Drawing on themes found in the original play, Ming Ho structures the organization of her video installation around three acts. She incorporates sections of the original, as well as found and discarded texts from interviews, documentary footage and remade YouTube videos. Acting as a quasi-narrative, this reassembled set of texts operates as a secondary script for Ming Ho, and touches on contemporary themes of viewership and audience in the digital age.
What takes place in Where Where There There is an intentionally naive re-interpretation of Stein’s play. Opening with Three Dog Night’s “One (Is the Loneliest Number),” the work takes the improvisation of three characters as a starting point and moves toward the restaging of singular moments on a theatrical stage, using objects, props and a minimal set. The introduction of these androgynous protagonists is overlaid onto visuals of a hypnotherapy session, as well as scenes of common theatre apparatuses such as mirrors, lights and moveable walls. Act two splices images of roads at twilight and free-falling airplanes with an occasional voice-over, as well as a juxtaposed Werner Herzog monologue from Burden of Dreams (1982). The final section closes with melancholic scenes of a moon reflecting on the water and the act of lighting a cigarette, along with a ballad sung in French by a nondescript chanteuse.
When viewers encounter Where Where There There, the spotlit gallery resembles the theatre set: a ladder obstructs an ideal view, and a microphone stands absently to the right of the room, becoming activated when a character beckons the audience to participate. What results is a complex yet entertaining fragment of acts, with several sections—featuring humorous YouTube-style vignettes—of a writhing contortionist gentleman “for the ladies,” and an enjoyably strange dance scene set to the Carpenters’ cover of “Solitaire.”

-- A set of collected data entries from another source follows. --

(* Let $\mathcal{G}=(\mathcal{V},\mathcal{E})$ be an undirected graph without self-loops, with symmetric adjacency matrix $A$ having nonnegative entries, where $A_{ij}>0$ if and only if $\{i,j\}\in\mathcal{E}$ (unweighted graphs being the case of $0/1$ entries). Let $\mathcal{V}_1\subseteq\mathcal{V}$ be a nonempty set of nodes, and let $\mathcal{V}_2\subseteq\mathcal{V}\setminus\mathcal{V}_1$ be a nonempty set of nodes such that every node of $\mathcal{V}_2$ is adjacent to at least one node of $\mathcal{V}_1$. Let $A_1$ be the $|\mathcal{V}_1|\times|\mathcal{V}_2|$ submatrix of $A$ with rows indexed by $\mathcal{V}_1$ and columns indexed by $\mathcal{V}_2$, and $A_2$ the $|\mathcal{V}_2|\times|\mathcal{V}_2|$ submatrix of $A$ indexed by $\mathcal{V}_2$. For each $v\in\mathcal{V}_2$ let $s_v>0$ be the sum of row $v$ of the $|\mathcal{V}_2|\times(|\mathcal{V}_1|+|\mathcal{V}_2|)$ matrix $(A_1^T\,|\,A_2)$, and let $\tilde{A}_1$ (of size $|\mathcal{V}_2|\times|\mathcal{V}_1|$) and $\tilde{A}_2$ (of size $|\mathcal{V}_2|\times|\mathcal{V}_2|$) be obtained from $A_1^T$ and $A_2$ respectively by dividing row $v$ by $s_v$ for each $v\in\mathcal{V}_2$. Let $f\ge 1$, let $Z_1$ be any real $|\mathcal{V}_1|\times f$ matrix, and let $Z^*=(I-\tilde{A}_2)^{-1}\tilde{A}_1 Z_1$ (the matrix $I-\tilde{A}_2$ is invertible). For an arbitrary real $|\mathcal{V}_2|\times f$ matrix $Z^{(0)}$, define $Z^{(t)}=\tilde{A}_1 Z_1+\tilde{A}_2 Z^{(t-1)}$ for $t\ge 1$. Then $\|Z^{(t)}-Z^*\|_F\to 0$ as $t\to+\infty$ exponentially fast, i.e. there exist constants $C\ge 0$ and $\rho\in[0,1)$ such that $\|Z^{(t)}-Z^*\|_F\le C\rho^t$ for all $t\ge 0$, where $\|\cdot\|_F$ denotes the Frobenius norm.
   Context: This is the propagation step used to infer latent vectors (rows of $Z^{(t)}$) for nodes of $\mathcal{V}_2$ from already-computed latent vectors (rows of $Z_1$) for nodes of $\mathcal{V}_1$, by iterating $Z_2 = \tilde{A}_1 Z_1 + \tilde{A}_2 Z_2$; $Z^*$ is the exact solution of this linear system. *)

From HB Require Import structures.
From mathcomp Require Import all_boot all_order all_algebra.
From mathcomp Require Import reals.
Set Implicit Arguments. Unset Strict Implicit. Unset Printing Implicit Defensive.
Import Order.TTheory GRing.Theory Num.Theory.
Local Open Scope ring_scope.

Section Defs.
Variable R : realType.
Variable n : nat.
Variables (A : 'M[R]_n) (V1 V2 : {set 'I_n}).

Definition subA1 : 'M[R]_(#|V1|, #|V2|) :=
  \matrix_(i < #|V1|, j < #|V2|) A (enum_val i) (enum_val j).
Definition subA2 : 'M[R]_(#|V2|, #|V2|) :=
  \matrix_(i < #|V2|, j < #|V2|) A (enum_val i) (enum_val j).

Definition rowsum_s (k : 'I_#|V2|) : R :=
  \sum_(j < #|V1|) (subA1^T) k j + \sum_(j < #|V2|) subA2 k j.

Definition tA1 : 'M[R]_(#|V2|, #|V1|) :=
  \matrix_(k, j) ((subA1^T) k j / rowsum_s k).
Definition tA2 : 'M[R]_(#|V2|, #|V2|) :=
  \matrix_(k, j) (subA2 k j / rowsum_s k).

Definition Zstar (f : nat) (Z1 : 'M[R]_(#|V1|, f)) : 'M[R]_(#|V2|, f) :=
  invmx (1%:M - tA2) *m (tA1 *m Z1).

Definition Zit (f : nat) (Z1 : 'M[R]_(#|V1|, f)) (Z0 : 'M[R]_(#|V2|, f))
  (t : nat) : 'M[R]_(#|V2|, f) :=
  iter t (fun Z => tA1 *m Z1 + tA2 *m Z) Z0.
End Defs.

Definition frob (R : realType) (p q : nat) (M : 'M[R]_(p, q)) : R :=
  Num.sqrt (\sum_(i < p) \sum_(j < q) M i j ^+ 2).

From HB Require Import structures.
From mathcomp Require Import all_boot all_order all_algebra.
From mathcomp Require Import reals.
From mathcomp Require Import lra.
Import Order.TTheory GRing.Theory Num.Theory.
Local Open Scope ring_scope.

(* The error E(t) = Z(t) - Z* obeys E(t+1) = tA2 E(t).  Since every node of V2
   has a neighbour in V1, each row of the nonnegative matrix tA2 sums to
   something strictly below 1, so tA2 is a contraction for the entrywise max
   norm with ratio rho = max of its row sums < 1.  The same contraction shows
   that I - tA2 has a trivial kernel, hence is invertible, and the max norm
   controls the Frobenius norm up to the factor sqrt(|V2| f). *)

Section MaxNorm.
Context {R : realDomainType}.

Definition mx_maxnorm {p q} (M : 'M[R]_(p, q)) : R :=
  \big[Num.max/0]_(ij : 'I_p * 'I_q) `|M ij.1 ij.2|.

Context {p q : nat}.
Implicit Type M : 'M[R]_(p, q).

Lemma mx_maxnorm_ge0 M : 0 <= mx_maxnorm M.
Proof. exact: bigmax_ge_id. Qed.

Lemma ler_mx_maxnorm M i j : `|M i j| <= mx_maxnorm M.
Proof. exact: (le_bigmax _ _ (i, j)). Qed.

Lemma mx_maxnorm_le M c :
  0 <= c -> (forall i j, `|M i j| <= c) -> mx_maxnorm M <= c.
Proof. by move=> c_ge0 Mc; apply: bigmax_le => // -[i j] _; apply: Mc. Qed.

Lemma mx_maxnorm_le0 M : mx_maxnorm M <= 0 -> M = 0.
Proof.
move=> M_le0; apply/matrixP => i j; rewrite mxE; apply/eqP.
by rewrite -normr_le0 (le_trans (ler_mx_maxnorm M i j)).
Qed.

End MaxNorm.

Section Substochastic.
Context {R : realFieldType} {p : nat} {T : 'M[R]_p} {rho : R}.
Hypothesis T_ge0 : forall i j, 0 <= T i j.
Hypothesis rho_ge0 : 0 <= rho.
Hypothesis rowsum_le : forall i, \sum_j T i j <= rho.

Lemma mx_maxnorm_mul {q} (E : 'M[R]_(p, q)) :
  mx_maxnorm (T *m E) <= rho * mx_maxnorm E.
Proof.
apply: mx_maxnorm_le => [|i j]; first by rewrite mulr_ge0 ?mx_maxnorm_ge0.
rewrite mxE; apply: le_trans (ler_norm_sum _ _ _) _.
apply: le_trans (ler_wpM2r (mx_maxnorm_ge0 E) (rowsum_le i)).
rewrite mulr_suml; apply: ler_sum => k _.
by rewrite normrM ger0_norm // ler_wpM2l ?ler_mx_maxnorm.
Qed.

Lemma mx_maxnorm_iter {q} t (E : 'M[R]_(p, q)) :
  mx_maxnorm (iter t (mulmx T) E) <= rho ^+ t * mx_maxnorm E.
Proof.
elim: t => [|t IHt]; first by rewrite mul1r.
rewrite iterS exprS -mulrA (le_trans (mx_maxnorm_mul _)) //.
exact: ler_wpM2l.
Qed.

Lemma substochastic_unitmx : rho < 1 -> (1%:M - T) \in unitmx.
Proof.
move=> rho_lt1; rewrite -unitmx_tr -row_free_unit; apply: inj_row_free => v.
rewrite -[v]trmxK -trmx_mul -trmx0 => /trmx_inj.
set x := v^T; rewrite mulmxBl mul1mx => /eqP; rewrite subr_eq0 => /eqP x_fix.
have := mx_maxnorm_mul x; rewrite -x_fix => x_contr.
have x_le0 : mx_maxnorm x <= 0 by move: (mx_maxnorm_ge0 x); nra.
by move/mx_maxnorm_le0: x_le0 => ->; rewrite trmx0.
Qed.

End Substochastic.

Lemma frob_le_mx_maxnorm {R : realType} {p q} (M : 'M[R]_(p, q)) :
  frob M <= Num.sqrt (p * q)%:R * mx_maxnorm M.
Proof.
set c := mx_maxnorm M; have c_ge0 : 0 <= c := mx_maxnorm_ge0 M.
apply: (@le_trans _ _ (Num.sqrt (\sum_(i < p) \sum_(j < q) c ^+ 2))).
  apply: ler_wsqrtr; apply: ler_sum => i _; apply: ler_sum => j _.
  by rewrite -real_normK ?num_real // lerXn2r ?nnegrE ?ler_mx_maxnorm.
rewrite !sumr_const !card_ord -mulrnA mulnC -[c ^+ 2 *+ _]mulr_natl.
by rewrite sqrtrM ?ler0n // sqrtr_sqr ger0_norm.
Qed.

Section AffineIteration.
Context {R : comUnitRingType} {p q : nat} (T : 'M[R]_p) (B : 'M[R]_(p, q)).

Lemma invmx_subr_fixpoint :
  (1%:M - T) \in unitmx ->
  invmx (1%:M - T) *m B = B + T *m (invmx (1%:M - T) *m B).
Proof.
move=> unitT; apply/eqP; rewrite -subr_eq -[X in X - _]mul1mx -mulmxBl.
by rewrite mulKVmx.
Qed.

Lemma iter_affine_subr (Zs Z0 : 'M[R]_(p, q)) t :
  Zs = B + T *m Zs ->
  iter t (fun Z => B + T *m Z) Z0 - Zs = iter t (mulmx T) (Z0 - Zs).
Proof.
move=> Zs_fix; elim: t => [//|t IHt].
by rewrite !iterS -IHt mulmxBr {1}Zs_fix opprD addrACA subrr add0r.
Qed.

End AffineIteration.

Section Propagation.
Context {R : realType} {n : nat} {A : 'M[R]_n} {V1 V2 : {set 'I_n}}.
Hypothesis A_ge0 : forall i j, 0 <= A i j.
Hypothesis V2_adj_V1 : forall v, v \in V2 -> exists2 u, u \in V1 & 0 < A u v.

Implicit Types k j : 'I_#|V2|.

Lemma subA1_tr_rowsum_gt0 k : 0 < \sum_j (subA1 A V1 V2)^T k j.
Proof.
have [u u_V1 Auv] := V2_adj_V1 _ (enum_valP k).
rewrite (bigD1 (enum_rank_in u_V1 u)) //= !mxE enum_rankK_in //.
by rewrite ltr_wpDr ?sumr_ge0 // => j _; rewrite !mxE.
Qed.

Lemma subA2_rowsum_ge0 k : 0 <= \sum_j subA2 A V2 k j.
Proof. by rewrite sumr_ge0 // => j _; rewrite mxE. Qed.

Lemma rowsum_s_gt0 k : 0 < rowsum_s A V1 k.
Proof. by rewrite ltr_wpDr ?subA2_rowsum_ge0 ?subA1_tr_rowsum_gt0. Qed.

Lemma tA2_ge0 k j : 0 <= tA2 A V1 V2 k j.
Proof. by rewrite !mxE; apply: divr_ge0; last exact/ltW/rowsum_s_gt0. Qed.

Lemma tA2_rowsum_lt1 k : \sum_j tA2 A V1 V2 k j < 1.
Proof.
under eq_bigr do rewrite mxE; rewrite -mulr_suml ltr_pdivrMr ?rowsum_s_gt0 //.
by rewrite mul1r ltr_pwDl ?subA1_tr_rowsum_gt0.
Qed.

End Propagation.

Theorem theorem1 (R : realType) (n : nat) (A : 'M[R]_n)
  (V1 V2 : {set 'I_n}) (f : nat)
  (Z1 : 'M[R]_(#|V1|, f)) (Z0 : 'M[R]_(#|V2|, f)) :
  A^T = A ->
  (forall i j, 0 <= A i j) ->
  (forall i, A i i = 0) ->
  V1 != set0 ->
  V2 != set0 ->
  [disjoint V1 & V2] ->
  (forall v, v \in V2 -> exists2 u, u \in V1 & 0 < A u v) ->
  (0 < f)%N ->
  (1%:M - @tA2 R n A V1 V2) \in unitmx /\
  exists C rho : R, [/\ 0 <= C, 0 <= rho, rho < 1 &
    forall t : nat,
      frob (@Zit R n A V1 V2 f Z1 Z0 t - @Zstar R n A V1 V2 f Z1) <= C * rho ^+ t].
Proof.
move=> _ A_ge0 _ _ _ _ V2_adj_V1 _.
set T := tA2 A V1 V2; set rho := \big[Num.max/0]_k \sum_j T k j.
have rho_ge0 : 0 <= rho := bigmax_ge_id _ _ _ _.
have rho_lt1 : rho < 1 by apply: bigmax_lt => // k _; exact: tA2_rowsum_lt1.
have rowsum_le k : \sum_j T k j <= rho := le_bigmax _ _ k.
have T_ge0 := tA2_ge0 A_ge0 V2_adj_V1.
have unitT := substochastic_unitmx T_ge0 rho_ge0 rowsum_le rho_lt1.
split => //; set Zs := Zstar A V2 Z1.
exists (Num.sqrt (#|V2| * f)%:R * mx_maxnorm (Z0 - Zs)), rho.
split => // [|t]; first by rewrite mulr_ge0 ?sqrtr_ge0 ?mx_maxnorm_ge0.
rewrite /Zit iter_affine_subr; last exact: invmx_subr_fixpoint.
apply: le_trans (frob_le_mx_maxnorm _) _.
rewrite -mulrA ler_wpM2l ?sqrtr_ge0 // mulrC.
exact: mx_maxnorm_iter.
Qed.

Ming Ho reinterprets a generationalized version of Stein’s operatic text, employing many tropes relevant to cinema and theatre, updated through contemporary and often trivialized forms of viewing. At times, the lack of a coherent plot that unfolds between the interaction of characters and objects is only just discernible. Through the installation of theatre objects in the physical space of the gallery, Ming Ho, like Stein, seems to be interested in the aesthetics of surfaces and of formal elements interacting on screen. However, on occasion, the objects are stagnated in the gallery space but similarly stand in for the characters on screen, echoing the obvious lameness present in the act of re-performance. Interestingly, the video installation examines common social tropes that unfold behind and in front of the camera, and are both self-conscious and familiar—all the while addressing the possibilities of the performance of a banal series of events for a contemporary audience.